A massive, 1.1-million-square-foot development adjacent to Fenway Park in Boston is finally set to rise, following 15 years of delays, setbacks, and logistical issues. The first phase of Fenway Center will bring two residential buildings with 312 units, 37,000 square feet of ground floor retail and 200 underground parking spots to what is currently a parking lot, at a price tag of $240 million.
Fenway Center has been plagued by false starts for years (AN last wrote that it might break ground in 2013), but construction on the mixed-use development is now supposed to begin in the next two weeks and wrap up by 2020. One of the most difficult hurdles that the project has had to clear, other than financing, is that phase one would have originally placed the residential towers over the Massachusetts Turnpike, with phase two building on the parking lot. Spanning a deck over the turnpike made the project prohibitively expensive and complicated, and as the site is state-owned, Massachusetts’s officials required developer John Rosenthal to have both the funding and deck plans in place before they would sign a lease.

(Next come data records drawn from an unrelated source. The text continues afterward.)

Fixpoint csum (g : nat -> C) (N : nat) : C :=
  match N with
  | O => RtoC 0
  | S N' => Cplus (csum g N') (g N')
  end.

Definition avg (f : nat -> C) (N : nat) (alpha : R) : C :=
  Cmult (RtoC (/ INR N)) (csum (fun n => Cmult (f n) (e (INR n * alpha))) N).

From Stdlib Require Import Reals Lra Lia ZArith Classical ClassicalEpsilon.
From Coquelicot Require Import Coquelicot.
Open Scope R_scope.

(* Write S_N(a) for the sum of f(n) e(n a) over n < N.  Cutting [0, Q q^k) into
   blocks of length q^k, q-multiplicativity turns the block starting at m q^k into
   f(m q^k) e(m q^k a) S_{q^k}(a), so |S_{Q q^k}| <= Q |S_{q^k}|.  Hence the averages |S_{q^k}(a)| / q^k
   are non-increasing in k; they are continuous and 1-periodic in a and tend to 0
   pointwise, so by Dini's theorem they tend to 0 uniformly.  The same block
   decomposition of N = Q q^k + r gives |S_N| / N <= |S_{q^k}| / q^k + q^k / N. *)

Lemma csum_ext (g h : nat -> C) (N : nat) :
  (forall n, (n < N)%nat -> g n = h n) -> csum g N = csum h N.
Proof.
  induction N as [|N IH]; intros Hgh; simpl; [reflexivity|].
  rewrite IH by (intros; apply Hgh; lia). rewrite Hgh by lia. reflexivity.
Qed.

Lemma csum_add (g : nat -> C) (M N : nat) :
  csum g (M + N) = (csum g M + csum (fun n => g (M + n)%nat) N)%C.
Proof.
  induction N as [|N IH]; simpl.
  - rewrite Nat.add_0_r; ring.
  - rewrite Nat.add_succ_r; simpl; rewrite IH; ring.
Qed.

Lemma csum_scal (c : C) (g : nat -> C) (N : nat) :
  csum (fun n => c * g n)%C N = (c * csum g N)%C.
Proof. induction N as [|N IH]; simpl; [|rewrite IH]; ring. Qed.

Lemma csum_sub (g h : nat -> C) (N : nat) :
  csum (fun n => g n - h n)%C N = (csum g N - csum h N)%C.
Proof. induction N as [|N IH]; simpl; [|rewrite IH]; ring. Qed.

Lemma Cmod_csum_le (g : nat -> C) (N : nat) (c : R) :
  (forall n, (n < N)%nat -> Cmod (g n) <= c) -> Cmod (csum g N) <= INR N * c.
Proof.
  induction N as [|N IH]; intros Hg; simpl csum.
  - rewrite Cmod_0; simpl; lra.
  - rewrite S_INR.
    assert (Cmod (csum g N) <= INR N * c) by (apply IH; intros; apply Hg; lia).
    assert (Cmod (g N) <= c) by (apply Hg; lia).
    pose proof (Cmod_triangle (csum g N) (g N)); lra.
Qed.

Lemma Rabs_Cmod_sub_le (x y : C) : Rabs (Cmod x - Cmod y) <= Cmod (x - y)%C.
Proof.
  pose proof (Cmod_triangle (x - y)%C y). pose proof (Cmod_triangle (y - x)%C x).
  replace (x - y + y)%C with x in * by ring. replace (y - x + x)%C with y in * by ring.
  replace (y - x)%C with (- (x - y))%C in * by ring. rewrite Cmod_opp in *.
  apply Rabs_le; lra.
Qed.

Lemma Rabs_sin_le (u : R) : Rabs (sin u) <= Rabs u.
Proof.
  assert (Hpos : forall v, 0 <= v -> Rabs (sin v) <= v).
  { intros v Hv. pose proof (SIN_bound v). pose proof PI2_1.
    destruct (Rle_lt_dec 1 v) as [H1|H1]; [apply Rabs_le; lra|].
    destruct (Req_dec v 0) as [->|Hv0]; [rewrite sin_0, Rabs_R0; lra|].
    pose proof (sin_lt_x v ltac:(lra)). pose proof (sin_ge_0 v Hv ltac:(lra)).
    rewrite Rabs_right; lra. }
  destruct (Rle_lt_dec 0 u) as [Hu|Hu].
  - rewrite (Rabs_right u) by lra; auto.
  - rewrite (Rabs_left u), <- (Ropp_involutive u) at 1 by lra.
    rewrite sin_neg, Rabs_Ropp. apply Hpos; lra.
Qed.

Lemma e_add (x y : R) : e (x + y) = (e x * e y)%C.
Proof.
  unfold e, Cmult; simpl.
  replace (2 * PI * (x + y)) with (2 * PI * x + 2 * PI * y) by ring.
  rewrite cos_plus, sin_plus; f_equal; ring.
Qed.

Lemma Cmod_e (x : R) : Cmod (e x) = 1.
Proof.
  unfold Cmod, e; cbn [fst snd]. rewrite <- sqrt_1. f_equal.
  rewrite <- (sin2_cos2 (2 * PI * x)). unfold Rsqr. ring.
Qed.

Lemma Cmod_e_sub_1 (t : R) : Cmod (e t - 1)%C <= 2 * PI * Rabs t.
Proof.
  assert (Hsq : Cmod (e t - 1)%C ^ 2 = 4 * sin (PI * t) ^ 2).
  { rewrite Cmod2_alt. unfold e; simpl.
    pose proof (sin2_cos2 (2 * (PI * t))) as H. unfold Rsqr in H.
    replace (2 * PI * t) with (2 * (PI * t)) by ring.
    rewrite cos_2a_sin in *. nra. }
  apply Rsqr_incr_0_var.
  - pose proof (Rsqr_le_abs_1 _ _ (Rabs_sin_le (PI * t))) as Hsin.
    pose proof (pow2_abs t). unfold Rsqr in *. nra.
  - pose proof PI_RGT_0. pose proof (Rabs_pos t). nra.
Qed.

Lemma Cmod_e_sub (x y : R) : Cmod (e x - e y)%C <= 2 * PI * Rabs (x - y).
Proof.
  assert (Hx : e x = (e y * e (x - y))%C) by (rewrite <- e_add; f_equal; ring).
  replace (e x - e y)%C with (e y * (e (x - y) - 1))%C by (rewrite Hx; ring).
  rewrite Cmod_mult, Cmod_e, Rmult_1_l. apply Cmod_e_sub_1.
Qed.

Lemma e_add_INR (x : R) (k : nat) : e (x + INR k) = e x.
Proof.
  unfold e. replace (2 * PI * (x + INR k)) with (2 * PI * x + 2 * INR k * PI) by ring.
  now rewrite cos_period, sin_period.
Qed.

Lemma e_add_IZR (x : R) (z : Z) : e (x + IZR z) = e x.
Proof.
  destruct (Z_le_gt_dec 0 z) as [Hz|Hz].
  - rewrite <- (Z2Nat.id z Hz), <- INR_IZR_INZ. apply e_add_INR.
  - rewrite <- (e_add_INR (x + IZR z) (Z.to_nat (- z))), INR_IZR_INZ, Z2Nat.id, opp_IZR
      by lia.
    f_equal; ring.
Qed.

Lemma lipschitz_continuity_pt (h : R -> R) (L x : R) :
  (forall y, Rabs (h y - h x) <= L * Rabs (y - x)) -> continuity_pt h x.
Proof.
  intros Hlip. apply continuity_pt_locally. intros eps.
  assert (Hd : 0 < eps / (Rabs L + 1))
    by (apply Rdiv_lt_0_compat; [apply cond_pos | pose proof (Rabs_pos L); lra]).
  exists (mkposreal _ Hd). intros y Hy. change (Rabs (y - x) < eps / (Rabs L + 1)) in Hy.
  assert (HdL : eps / (Rabs L + 1) * (Rabs L + 1) = eps)
    by (field; pose proof (Rabs_pos L); lra).
  eapply Rle_lt_trans; [apply Hlip|].
  pose proof (RRle_abs L). pose proof (Rabs_pos L). pose proof (Rabs_pos (y - x)).
  nra.
Qed.

Lemma dini_unit_interval (g : nat -> R -> R) :
  (forall k x, g (S k) x <= g k x) ->
  (forall k x, continuity_pt (g k) x) ->
  (forall x, is_lim_seq (fun k => g k x) 0) ->
  forall eps, 0 < eps -> exists K, forall x, 0 <= x <= 1 -> g K x <= eps.
Proof.
  intros Hdecr Hcont Hlim eps Heps. apply NNPP. intros Hnot.
  assert (Hbad : forall K, exists x, 0 <= x <= 1 /\ eps < g K x).
  { intros K. apply NNPP. intros HK. apply Hnot. exists K. intros x Hx.
    apply Rnot_lt_le. intros Hgt. apply HK. now exists x. }
  (* A cluster point l of the bad points x K is impossible: g J < eps near l for some J,
     and g p <= g J for p >= J. *)
  destruct (choice _ Hbad) as [x Hx].
  destruct (Bolzano_Weierstrass x _ (compact_P3 0 1) (fun K => proj1 (Hx K))) as [l Hl].
  assert (Heps2 : 0 < eps / 2) by lra.
  destruct (proj2 (is_lim_seq_spec _ _) (Hlim l) (mkposreal _ Heps2)) as [J HJ].
  specialize (HJ J (le_n J)); simpl in HJ.
  destruct (proj1 (continuity_pt_locally _ _) (Hcont J l) (mkposreal _ Heps2))
    as [delta Hdelta]; simpl in Hdelta.
  destruct (Hl (disc l delta) J) as [p [HJp Hp]]; [now exists delta|].
  specialize (Hdelta (x p) Hp).
  pose proof (decreasing_prop (fun k => g k (x p)) J p (fun k => Hdecr k (x p)) HJp).
  pose proof (proj2 (Hx p)).
  apply Rabs_lt_between' in Hdelta. rewrite Rminus_0_r in HJ. apply Rabs_lt_between in HJ.
  simpl in *. lra.
Qed.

These problems seem to have been resolved by Rosenthal rearranging the project’s timeline, as Rosenthal hopes the new towers will build anticipation, and funding, for decking over the turnpike.
“We’re going to create a neighborhood here where today there are parking lots and windswept bridges,” Rosenthal told The Boston Globe. “That will attract the debt and equity for Phase 2.”
With the residential towers going up on the nearby lot instead, phase two will now see an office tower and garages being built over the turnpike. With a 99-year lease in place between Rosenthal and the Massachusetts Department of Transportation, construction on the project is poised to begin immediately.
The scheme will build off of an earlier master plan by New York-based Carlos Zapata Studio, and Chelsea, Massachusetts-based The Architectural Team (TAT) will be designing the buildings, as well as the site’s elevated pedestrian walkways and new green spaces. TAT has also promised that Fenway Center will feature one of the largest private solar power plants in the state, and the Massachusetts Bay Transit Authority’s first net-zero-energy train station.
Repurposing the unused land around sports venues has become increasingly popular, as the ballpark-adjacent Fenway Center will join the likes of Denver’s new stadium district and the office complexes bordering Wrigley Field.
Phase one of Fenway Center is expected to finish construction by 2020, and the developers are required to finalize their lease with the MassDOT for the second phase by the same year.